(* The monoid $\mathrm{Mon}(R)$ is a BF-monoid. Moreover: (1) $\mathrm{Mon}(R)$ is neither locally finitely generated nor transfer Krull; (2) $\mathcal U_k(\mathrm{Mon}(R))=\mathbb N_{\ge2}$ for all $k\ge2$; (3) $\mathsf L_{\mathrm{Mon}(R)}(\mathfrak a_k)=[2,k]$ for all $k\ge2$, where $\mathfrak a_k=\langle X,Y\rangle^k$; (4) $\mathrm{Mon}(R)$ is fully elastic.
   Context: Let $K$ be a field, $N\ge2$, $R=K[X_1,\dots,X_N]$, $X=X_1$, $Y=X_2$. $\mathrm{Mon}(R)$ is the monoid of nonzero monomial ideals of $R$ under ideal multiplication, with identity $R$ (its only unit). An atom of $\mathrm{Mon}(R)$ is an $I\ne R$ in $\mathrm{Mon}(R)$ not a product of two elements of $\mathrm{Mon}(R)\setminus\{R\}$. For a monoid $H$ (commutative, unit-cancellative) and $a\in H$, $\mathsf L_H(a)$ is the set of $k$ such that $a$ is a product of $k$ atoms, and $\mathcal L(H)=\{\mathsf L_H(a):a\in H\}$. $H$ is a BF-monoid if every $\mathsf L_H(a)$ is finite and nonempty. $\mathcal U_k(H)=\bigcup\{L\in\mathcal L(H):k\in L\}$. $H$ is locally finitely generated if for every $a\in H$ the smallest divisor-closed submonoid of $H$ containing $a$ is finitely generated up to units. A Krull monoid is a commutative cancellative monoid satisfying the ascending chain condition on divisorial ideals and completely integrally closed; a monoid homomorphism $\theta:H\to K'$ is a transfer homomorphism if $K'=\theta(H)K'^\times$, $\theta^{-1}(K'^\times)=H^\times$, and whenever $\theta(a)=\beta\gamma$ there are $b,c\in H$ with $a=bc$, $\theta(b)\in\beta K'^\times$, $\theta(c)\in\gamma K'^\times$; $H$ is transfer Krull if there is a transfer homomorphism from $H$ to a Krull monoid. For a finite nonempty $L\subseteq\mathbb N$, $\rho(L)=\max L/\min L$ (with $\rho(\{0\})=1$), and $\rho(H)=\sup\{\rho(L):L\in\mathcal L(H)\}$; $H$ is fully elastic if for every rational $q$ with $1<q<\rho(H)$ there is $L\in\mathcal L(H)$ with $\rho(L)=q$. $[x,y]=\{z\in\mathbb Z:x\le z\le y\}$. *)

From HB Require Import structures.
From mathcomp Require Import all_boot all_order all_algebra.
From mathcomp Require Import mpoly.
From Stdlib Require Import ClassicalEpsilon.

Set Implicit Arguments.
Unset Strict Implicit.
Unset Printing Implicit Defensive.

Import GRing.Theory.
Local Open Scope ring_scope.

Definition is_unit (T : Type) (op : T -> T -> T) (e : T) (u : T) : Prop :=
  exists v, op u v = e.

Definition mdvd (T : Type) (op : T -> T -> T) (b a : T) : Prop :=
  exists c, a = op b c.

Definition mpow (T : Type) (op : T -> T -> T) (e : T) (a : T) (n : nat) : T :=
  iter n (op a) e.

Definition mprod (T : Type) (op : T -> T -> T) (e : T) (s : seq T) : T :=
  foldr op e s.

Definition is_atom (T : Type) (op : T -> T -> T) (e : T) (a : T) : Prop :=
  ~ is_unit op e a /\
  forall b c, a = op b c -> is_unit op e b \/ is_unit op e c.

Definition Lset (T : Type) (op : T -> T -> T) (e : T) (a : T) (k : nat) : Prop :=
  exists s : seq T, size s = k /\ (forall x, List.In x s -> is_atom op e x) /\
                    a = mprod op e s.

Definition BF_monoid (T : Type) (op : T -> T -> T) (e : T) : Prop :=
  forall a, (exists k, Lset op e a k) /\ (exists n, forall k, Lset op e a k -> k <= n)%N.

(* U_k(H) = union of all L in L(H) with k in L *)
Definition Uset (T : Type) (op : T -> T -> T) (e : T) (k m : nat) : Prop :=
  exists a, Lset op e a k /\ Lset op e a m.

Definition rho_of (mn mx : nat) : rat :=
  if mn == 0%N then 1 else (mx%:R / mn%:R).

Definition rhoL (T : Type) (op : T -> T -> T) (e : T) (a : T) (q : rat) : Prop :=
  exists mn mx : nat,
    Lset op e a mn /\ (forall k, Lset op e a k -> mn <= k)%N /\
    Lset op e a mx /\ (forall k, Lset op e a k -> k <= mx)%N /\
    q = rho_of mn mx.

(* q < rho(H) = sup { rho(L) : L in L(H) }  iff  some rho(L) exceeds q *)
Definition lt_rhoH (T : Type) (op : T -> T -> T) (e : T) (q : rat) : Prop :=
  exists a r, rhoL op e a r /\ q < r.

Definition fully_elastic (T : Type) (op : T -> T -> T) (e : T) : Prop :=
  forall q : rat, 1 < q -> lt_rhoH op e q -> exists a, rhoL op e a q.

Definition is_submonoid (T : Type) (op : T -> T -> T) (e : T) (S : T -> Prop) : Prop :=
  S e /\ forall a b, S a -> S b -> S (op a b).

Definition divisor_closed (T : Type) (op : T -> T -> T) (S : T -> Prop) : Prop :=
  forall a b c, S a -> a = op b c -> S b.

Definition dc_gen (T : Type) (op : T -> T -> T) (e : T) (a : T) (x : T) : Prop :=
  forall S, is_submonoid op e S -> divisor_closed op S -> S a -> S x.

Definition fin_gen_up_to_units (T : Type) (op : T -> T -> T) (e : T)
    (S : T -> Prop) : Prop :=
  exists E : seq T, (forall x, List.In x E -> S x) /\
    forall s, S s -> exists u (l : seq T),
      S u /\ (exists v, S v /\ op u v = e) /\
      (forall x, List.In x l -> List.In x E) /\ s = op u (mprod op e l).

Definition loc_fin_gen (T : Type) (op : T -> T -> T) (e : T) : Prop :=
  forall a, fin_gen_up_to_units op e (dc_gen op e a).

Definition is_cmonoid (T : Type) (op : T -> T -> T) (e : T) : Prop :=
  (forall a b c, op a (op b c) = op (op a b) c) /\
  (forall a b, op a b = op b a) /\ (forall a, op e a = a).

Definition cancellative (T : Type) (op : T -> T -> T) : Prop :=
  forall a b c, op a b = op a c -> b = c.

(* Elements of the quotient group q(H) are written a/b with a, b in H.
   For X subset of H:  (H : X) = { a/b : b | a y for all y in X },
   and  X_v = (H : (H : X)), so z in X_v iff  b | a z  for all a/b in (H : X). *)
Definition vclos (T : Type) (op : T -> T -> T) (X : T -> Prop) (z : T) : Prop :=
  forall a b, (forall y, X y -> mdvd op b (op a y)) -> mdvd op b (op a z).

Definition divisorial (T : Type) (op : T -> T -> T) (A : T -> Prop) : Prop :=
  forall z, A z <-> vclos op A z.

Definition ACC_divisorial (T : Type) (op : T -> T -> T) : Prop :=
  forall A : nat -> T -> Prop,
    (forall n, divisorial op (A n)) ->
    (forall n z, A n z -> A n.+1 z) ->
    exists n, forall m, (n <= m)%N -> forall z, A m z <-> A n z.

(* completely integrally closed: every x = a/b in q(H) which is almost
   integral (c x^n in H for all n, some c in H) lies in H *)
Definition compl_int_closed (T : Type) (op : T -> T -> T) (e : T) : Prop :=
  forall a b c, (forall n, mdvd op (mpow op e b n) (op c (mpow op e a n))) ->
                mdvd op b a.

Definition is_Krull (T : Type) (op : T -> T -> T) (e : T) : Prop :=
  is_cmonoid op e /\ cancellative op /\ ACC_divisorial op /\ compl_int_closed op e.

Definition is_transfer_hom (T : Type) (op : T -> T -> T) (e : T)
    (T' : Type) (op' : T' -> T' -> T') (e' : T') (th : T -> T') : Prop :=
  th e = e' /\ (forall a b, th (op a b) = op' (th a) (th b)) /\
  (forall y, exists a u, is_unit op' e' u /\ y = op' (th a) u) /\
  (forall a, is_unit op' e' (th a) <-> is_unit op e a) /\
  (forall a beta gamma, th a = op' beta gamma ->
     exists b c, a = op b c /\
       (exists u, is_unit op' e' u /\ th b = op' beta u) /\
       (exists u, is_unit op' e' u /\ th c = op' gamma u)).

Definition transfer_Krull (T : Type) (op : T -> T -> T) (e : T) : Prop :=
  exists (T' : Type) (op' : T' -> T' -> T') (e' : T') (th : T -> T'),
    is_Krull op' e' /\ is_transfer_hom op e op' e' th.

Section MonR.
Variables (K : fieldType) (N : nat).

Definition is_ideal (I : {mpoly K[N]} -> Prop) : Prop :=
  I 0 /\ (forall p q, I p -> I q -> I (p + q)) /\ (forall r p, I p -> I (r * p)).

Definition ideal_gen (S : {mpoly K[N]} -> Prop) (p : {mpoly K[N]}) : Prop :=
  forall I, is_ideal I -> (forall q, S q -> I q) -> I p.

Definition is_monomial (p : {mpoly K[N]}) : Prop :=
  exists m : 'X_{1..N}, p = 'X_[m].

Definition monomial_ideal (I : {mpoly K[N]} -> Prop) : Prop :=
  exists S, (forall q, S q -> is_monomial q) /\ forall p, I p <-> ideal_gen S p.

Definition nonzero_ideal (I : {mpoly K[N]} -> Prop) : Prop :=
  exists p, I p /\ p != 0.

Definition is_MonR (I : {mpoly K[N]} -> Prop) : Prop :=
  monomial_ideal I /\ nonzero_ideal I.

Definition MonR : Type := {I : {mpoly K[N]} -> Prop | is_MonR I}.

Lemma is_MonR_full : is_MonR (fun _ => True).
Proof.
split; last by exists 1; split=> //; exact: oner_neq0.
exists (fun q => q = 'X_[0%MM]); split; first by move=> q ->; exists 0%MM.
move=> p; split=> // _ I [_ [_ HI]] HS.
have H1 := HS _ erefl; rewrite mpolyX0 in H1.
by rewrite -(mulr1 p); apply: HI.
Qed.

Definition mon_one : MonR := exist _ (fun _ => True) is_MonR_full.

(* an ideal, viewed as an element of Mon(R); for ideals that are nonzero
   monomial ideals (the only case used) this is the ideal itself *)
Definition to_mon (I : {mpoly K[N]} -> Prop) : MonR :=
  match excluded_middle_informative (is_MonR I) with
  | left h => exist _ I h
  | right _ => mon_one
  end.

Definition ideal_mul (I J : {mpoly K[N]} -> Prop) : {mpoly K[N]} -> Prop :=
  ideal_gen (fun p => exists f g, I f /\ J g /\ p = f * g).

Definition mon_mul (A B : MonR) : MonR := to_mon (ideal_mul (sval A) (sval B)).

(* the ideal <X, Y> = <X_1, X_2> (variables indexed 0 and 1 here) *)
Definition ideal_XY : MonR :=
  to_mon (ideal_gen (fun p => exists i : 'I_N, (val i < 2)%N /\ p = 'X_i)).

Definition a_k (k : nat) : MonR := mpow mon_mul mon_one ideal_XY k.

End MonR.

(* A nonzero monomial ideal is determined by the set of exponents of the
   monomials it contains, an up-set of N^N, and ideal multiplication becomes
   Minkowski sum of these sets.  Hence Mon(R) is a reduced commutative monoid in
   which the least degree of an exponent is additive and positive on non-units;
   it bounds factorization lengths, which gives the BF property.  All other
   claims are witnessed inside K[X, Y], with M_k = <X, Y>^k, A_n = <X^n, Y^n>,
   an atom D_d such that M_1 D_d = M_(d+1), and the atom <X>:
   - A_(n+1) M_n = M_(2n+1), so infinitely many atoms divide powers of M_1, and
     M_1 A_2 = M_1^3 cancels the atom A_2 against a product of two non-units,
     which a transfer homomorphism to a Krull monoid forbids;
   - M_k = M_1 D_(k-m+1) M_1^(m-2) realizes every length m in [2, k];
   - <X> occurs in every factorization of X^j M_k and can be cancelled, so
     L(X^j M_k) = [j + 2, j + k], and these elasticities exhaust the rationals
     greater than 1. *)

From mathcomp Require Import all_boot all_order all_algebra.
From mathcomp Require Import mpoly zify.
From Stdlib Require Import ClassicalEpsilon Classical FunctionalExtensionality.
From Stdlib Require Import PropExtensionality ProofIrrelevance.

Set Implicit Arguments.
Unset Strict Implicit.
Unset Printing Implicit Defensive.

Import GRing.Theory Num.Theory Order.POrderTheory.

Definition reduced_cmonoid (T : Type) (op : T -> T -> T) (e : T) : Prop :=
  is_cmonoid op e /\ forall u, is_unit op e u -> u = e.

Section ReducedMonoid.
Variables (T : Type) (op : T -> T -> T) (e : T).
Hypothesis Hred : reduced_cmonoid op e.

Local Notation prod := (mprod op e).
Local Notation unit := (is_unit op e).
Local Notation atom := (is_atom op e).

Lemma mprod_cat s1 s2 : prod (s1 ++ s2) = op (prod s1) (prod s2).
Proof.
have [[opA [_ op1]] _] := Hred.
by elim: s1 => [|x s IH] /=; rewrite ?op1 // IH opA.
Qed.

Lemma mprod_insert s1 x s2 : prod (s1 ++ x :: s2) = op x (prod (s1 ++ s2)).
Proof.
have [[opA [opC _]] _] := Hred.
by rewrite !mprod_cat /= opA [op (prod s1) x]opC -opA.
Qed.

══════════════════════════════

### Try it
Find the lines above that contain the word "some" and copy each one.

### Exercise response
(* q < rho(H) = sup { rho(L) : L in L(H) }  iff  some rho(L) exceeds q *)
   integral (c x^n in H for all n, some c in H) lies in H *)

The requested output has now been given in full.